= Wegener–Bergeron–Findeisen process =

Process of ice crystal growth in clouds

The Wegener–Bergeron–Findeisen process (named after Alfred Wegener, Tor Bergeron, and Walter Findeisen), or "cold-rain process", is a process of ice crystal growth that occurs in mixed phase clouds (containing a mixture of supercooled water and ice) in regions where the ambient vapor pressure falls between the saturation vapor pressure over water and the lower saturation vapor pressure over ice. This is a subsaturated environment for liquid water but a supersaturated environment for ice, resulting in rapid evaporation of liquid water and rapid ice crystal growth through vapor deposition. If the number density of ice is small compared to liquid water, the ice crystals can grow large enough to fall out of the cloud, melting into raindrops if lower-level temperatures are warm enough.

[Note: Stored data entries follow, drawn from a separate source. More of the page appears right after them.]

Lemma norm2sq_padded : norm2sq x = \sum_(0 <= k < J.+3) padded k ^+ 2.
Proof.
rewrite /norm2sq; under eq_bigr do rewrite -padded_ord.
apply: (sum_ord_shift (s := 3) (G := fun k => padded k ^+ 2)) => [|k k_lt|k k_ge].
- by rewrite addn3.
- by rewrite padded_lo ?expr0n.
- by rewrite padded_hi ?expr0n // -addn3.
Qed.

Lemma Nnorm_padded (c : R) :
  Nnorm (c *: x) ^+ 2 = c ^+ 2 * \sum_(0 <= k < J.+3) (padded k.+1 - padded k) ^+ 2.
Proof.
rewrite /Nnorm sqr_sqrtr ?sumr_ge0 // => [|k _]; last exact: sqr_ge0.
under eq_bigr do rewrite real_normK ?num_real // !extZ -mulrBr exprMn -!padded_ext.
rewrite -mulr_sumr; congr (_ * _).
apply: (sum_ord_shift (s := 2) (G := fun k => (padded k.+1 - padded k) ^+ 2))
  => [|k k_lt|k k_ge].
- by rewrite addn2.
- by rewrite !padded_lo ?subrr ?expr0n // ltnW.
- by rewrite !padded_hi ?subrr ?expr0n //; lia.
Qed.

End Padding.

Section Grid.
Variables (R : realType) (Xmin Xmax : R) (J : nat).
Hypothesis Xmin_lt_Xmax : Xmin < Xmax.

Local Notation h := (mesh Xmin Xmax J).

Lemma mesh_gt0 : 0 < h.
Proof. by rewrite divr_gt0 ?subr_gt0 ?ltr0n. Qed.

Lemma grid_succ m : grid Xmin Xmax J m.+1 - grid Xmin Xmax J m = h.
Proof. by rewrite /grid -addn1 natrD; ring. Qed.

Lemma grid_in_domain m : (0 < m <= J)%N -> Xmin < grid Xmin Xmax J m < Xmax.
Proof.
case/andP=> m_gt0 m_le_J.
set q : R := m%:R / J.+1%:R.
have q_gt0 : 0 < q by rewrite divr_gt0 ?ltr0n.
have q_lt1 : q < 1 by rewrite ltr_pdivrMr ?ltr0n // mul1r ltr_nat ltnS.
have -> : grid Xmin Xmax J m = Xmin + q * (Xmax - Xmin) by rewrite /grid /mesh /q mulrA mulrAC.
have d_gt0 : 0 < Xmax - Xmin by rewrite subr_gt0.
have := mulr_gt0 q_gt0 d_gt0.
have : q * (Xmax - Xmin) < 1 * (Xmax - Xmin) by rewrite ltr_pM2r.
by move=> *; apply/andP; split; lra.
Qed.

(* Grid point of padded index [k], clamped to [1..J]: every sample lies in the
   domain and consecutive samples are at most one mesh step apart. *)
Definition node (k : nat) : R := grid Xmin Xmax J (maxn 1 (minn (k - 2) J)).

Lemma node_in_domain k : (0 < J)%N -> Xmin < node k < Xmax.
Proof. by move=> J_gt0; apply: grid_in_domain; lia. Qed.

Lemma node_succ k : `|node k.+1 - node k| <= h.
Proof.
rewrite /node; have [->|->] : maxn 1 (minn (k.+1 - 2) J) = maxn 1 (minn (k - 2) J)
    \/ maxn 1 (minn (k.+1 - 2) J) = (maxn 1 (minn (k - 2) J)).+1 by lia.
- by rewrite subrr normr0 ltW ?mesh_gt0.
- by rewrite grid_succ gtr0_norm ?mesh_gt0.
Qed.

Lemma node_interior i : (i < J)%N -> node i.+3 = grid Xmin Xmax J i.+1.
Proof. by move=> i_lt_J; rewrite /node; congr grid; lia. Qed.

Lemma node_lipschitz (f : R -> R) (L : R) :
    (forall y1 y2, Xmin < y1 < Xmax -> Xmin < y2 < Xmax ->
       `|f y1 - f y2| <= L * `|y1 - y2|) ->
  (0 < J)%N -> forall k, `|f (node k.+1) - f (node k)| <= `|L| * h.
Proof.
move=> f_lip J_gt0 k.
apply: le_trans (f_lip _ _ (node_in_domain _ J_gt0) (node_in_domain _ J_gt0)) _.
apply: le_trans (ler_wpM2r (normr_ge0 _) (ler_norm L)) _.
by rewrite ler_wpM2l ?node_succ.
Qed.

Lemma dotv_Atilde_padded (a b r : R -> R -> R) (t : R) (x : 'cV[R]_J) :
  h ^+ 2 * dotv x (Atilde_app a b r Xmin Xmax t x)
  = \sum_(0 <= k < J.+3) stencil_energy (padded x k) (padded x k.+1) (padded x k.+2)
      (padded x k.+3) (padded x k.+4) (a t (node k.+2)) (b t (node k.+2)) (r t (node k.+2)) h.
Proof.
rewrite /dotv mulr_sumr -[RHS](sum_ord_shift (s := 1) (J := J)) => [|||k k_ge]; last 3 first.
- by rewrite addn1 ltnW.
- by case=> // _; rewrite /stencil_energy padded_lo ?mul0r.
- by rewrite /stencil_energy padded_hi ?mul0r //; lia.
apply: eq_bigr => i _; rewrite mxE /= add1n node_interior //.
have -> : Posz i.+1 - 1 = Posz i by lia.
have -> : Posz i.+1 + 1 = Posz i.+2 by lia.
have -> : Posz i.+1 + 2 = Posz i.+3 by lia.
rewrite -/(padded x i.+1) -!padded_ext -padded_ord /stencil_energy.
by field; rewrite gt_eqF ?mesh_gt0.
Qed.

End Grid.

Theorem lemma5p3 (R : realType) (Xmin Xmax T : R) (a b r : R -> R -> R)
  (eta0 L : R) :
  Xmin < Xmax -> 0 < T ->
  (exists M : R, forall t x, 0 < t < T -> Xmin < x < Xmax -> `|a t x| <= M) ->
  (exists M : R, forall t x, 0 < t < T -> Xmin < x < Xmax -> `|b t x| <= M) ->
  (exists M : R, forall t x, 0 < t < T -> Xmin < x < Xmax -> `|r t x| <= M) ->
  0 < eta0 ->
  (forall t x, 0 < t < T -> Xmin < x < Xmax -> eta0 <= a t x) ->
  (forall t x y, 0 < t < T -> Xmin < x < Xmax -> Xmin < y < Xmax ->
     `|a t x - a t y| <= L * `|x - y|) ->
  exists eta2 gamma2 : R, 0 < eta2 /\ 0 <= gamma2 /\
    forall (J : nat) (t : R) (x : 'cV[R]_J), (1 <= J)%N -> 0 < t < T ->
      dotv x (Atilde_app a b r Xmin Xmax t x) >=
        eta2 * Nnorm ((mesh Xmin Xmax J)^-1 *: x) ^+ 2 - gamma2 * norm2sq x.
Proof.
move=> hX _ _ [Mb hb] [Mr hr] eta0_gt0 ha a_lip.
(* With this Young parameter the loss [44 e] of [stencil_sum_ge] is eta0 / 2. *)
set e := eta0 / 88.
have e_gt0 : 0 < e by rewrite divr_gt0.
exists (eta0 / 2), (3 * (11 * ((2 * `|L| + `|Mb|) ^+ 2 / (4 * e)) + `|Mr|)).
split; first by rewrite divr_gt0.
split.
  by rewrite mulr_ge0 // addr_ge0 // mulr_ge0 // divr_ge0 ?sqr_ge0 // mulr_ge0 // ltW.
move=> J t x J_gt0 t_in; set h := mesh Xmin Xmax J.
have h_gt0 : 0 < h := mesh_gt0 J hX.
have in_dom k : Xmin < node Xmin Xmax J k < Xmax := node_in_domain hX k J_gt0.
have := stencil_sum_ge (z := padded x) (M := J.+3) (ltW h_gt0) e_gt0 (ltW eta0_gt0)
  (fun k => ha _ _ t_in (in_dom k)) (node_lipschitz hX (fun y1 y2 => a_lip t y1 y2 t_in) J_gt0)
  (fun k => le_trans (hb _ _ t_in (in_dom k)) (ler_norm Mb))
  (fun k => le_trans (hr _ _ t_in (in_dom k)) (ler_norm Mr)) (padded_lo x) (padded_hi x).
rewrite -dotv_Atilde_padded // -norm2sq_padded Nnorm_padded => key.
rewrite -(ler_pM2l (exprn_gt0 2 h_gt0)); apply: le_trans key.
rewrite le_eqVlt; apply/predU1P; left.
by rewrite /e; field; rewrite !gt_eqF.
Qed.
Lemma is_sup_ratio_of_bounds n P f g v :
  (forall t, MC t -> P t) ->
  (forall t i, in_RB n t -> In i (seq 1 n) -> pos_lengths t -> f t i / g t i <= v) ->
  (forall c, c < v -> exists t i, in_RB n t /\ In i (seq 1 n) /\ pos_lengths t /\
     MC t /\ c < f t i / g t i) ->
  is_sup_ratio n P f g v.
Proof.
  intros HP Hub Hlb. split; [intros; auto|].
  intros c Hc. destruct (Hlb c Hc) as (t & i & ? & ? & ? & ? & ?).
  exists t, i. split; [|split; [|split; [|split]]]; auto.
Qed.

Lemma FP_ES_is_sup n P : (2 <= n)%nat -> (forall t, MC t -> P t) ->
  is_sup_ratio n P FP ES (2 ^ (n - 2) / INR (n - 1)).
Proof.
  intros Hn HP. apply is_sup_ratio_of_bounds; auto.
  - apply FP_ES_ratio_le.
  - intros c. now apply FP_ES_ratio_approx.
Qed.

Lemma ES_FP_is_sup n P : (3 <= n)%nat -> (forall t, MC t -> P t) ->
  is_sup_ratio n P ES FP (INR (n - 1) / 2).
Proof.
  intros Hn HP. apply is_sup_ratio_of_bounds; auto.
  - intros t i. now apply ES_FP_ratio_le.
  - intros c. now apply ES_FP_ratio_approx.
Qed.

Theorem theorem1 (n : nat) (hn : (3 <= n)%nat) :
  is_sup_ratio n (fun _ => True) FP ES (2 ^ (n - 2) / INR (n - 1)) /\
  is_sup_ratio n (fun _ => True) ES FP (INR (n - 1) / 2) /\
  is_sup_ratio n MC FP ES (2 ^ (n - 2) / INR (n - 1)) /\
  is_sup_ratio n MC ES FP (INR (n - 1) / 2).
Proof.
  split; [|split; [|split]].
  - apply FP_ES_is_sup; auto with arith.
  - now apply ES_FP_is_sup.
  - apply FP_ES_is_sup; auto with arith.
  - now apply ES_FP_is_sup.
Qed.
(* For f ∈ S*_℘ we have z f'(z) = ℘(ω(z)) f(z) with
   |ω(z)| < 1, and |℘(u)| ≤ 1 + e on the unit disk, so |z f'(z)| ≤ (1+e)|f(z)|
   on every circle |z| = r < 1.  Averaging the squares of both sides over the
   circle (Parseval) gives Σ n² |b_n|² r^(2n) ≤ α Σ |b_n|² r^(2n) with
   α = (1+e)², i.e. Σ_{n≥2} (n² - α)|b_n|² r^(2n) ≤ (α - 1) r², because b_0 = 0
   and b_1 = 1.  Letting r → 1 gives the first claim; the second follows since
   every term with n ≥ 4 is nonnegative (α < 16).

   Parseval is used in its discrete form: averaging |p|² over the
   K points r·e^(2πij/K) is exact for polynomials p of degree < K.  The series
   f and z f' are compared with their degree-K truncations, with explicit
   errors of order s^K (s < 1) coming from the geometric decay of b_n t^n. *)

From Stdlib Require Import Reals.
From Coquelicot Require Import Coquelicot.
From Stdlib Require Import Lra Lia Psatz.
Open Scope R_scope.

Fixpoint rsum (n : nat) (f : nat -> R) : R :=
  match n with O => 0 | S k => rsum k f + f k end.
Fixpoint csum (n : nat) (f : nat -> C) : C :=
  match n with O => 0%C | S k => (csum k f + f k)%C end.

Lemma rsum_ext n f g : (forall i, (i < n)%nat -> f i = g i) -> rsum n f = rsum n g.
Proof. induction n; simpl; intros H; auto. rewrite IHn; [rewrite H|]; auto. Qed.

Lemma rsum_le n f g : (forall i, (i < n)%nat -> f i <= g i) -> rsum n f <= rsum n g.
Proof.
  induction n; simpl; intros H; [lra|].
  specialize (IHn (fun i Hi => H i ltac:(lia))). specialize (H n ltac:(lia)). lra.
Qed.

The Wegener–Bergeron–Findeisen process, if occurring at all, is much more efficient in producing large particles than is the growth of larger droplets at the expense of smaller ones, since the difference in saturation pressure between liquid water and ice is larger than the enhancement of saturation pressure over small droplets (for droplets large enough to considerably contribute to the total mass).

==History==
The principle of ice growth through vapor deposition on ice crystals at the expense of water was first theorized by the German scientist Alfred Wegener in 1911 while studying hoarfrost formation. Wegener theorized that if this process happened in clouds and the crystals grew large enough to fall out, it could be a viable precipitation mechanism. While his work with ice crystal growth attracted some attention, it would take another 10 years before its application to precipitation would be recognized.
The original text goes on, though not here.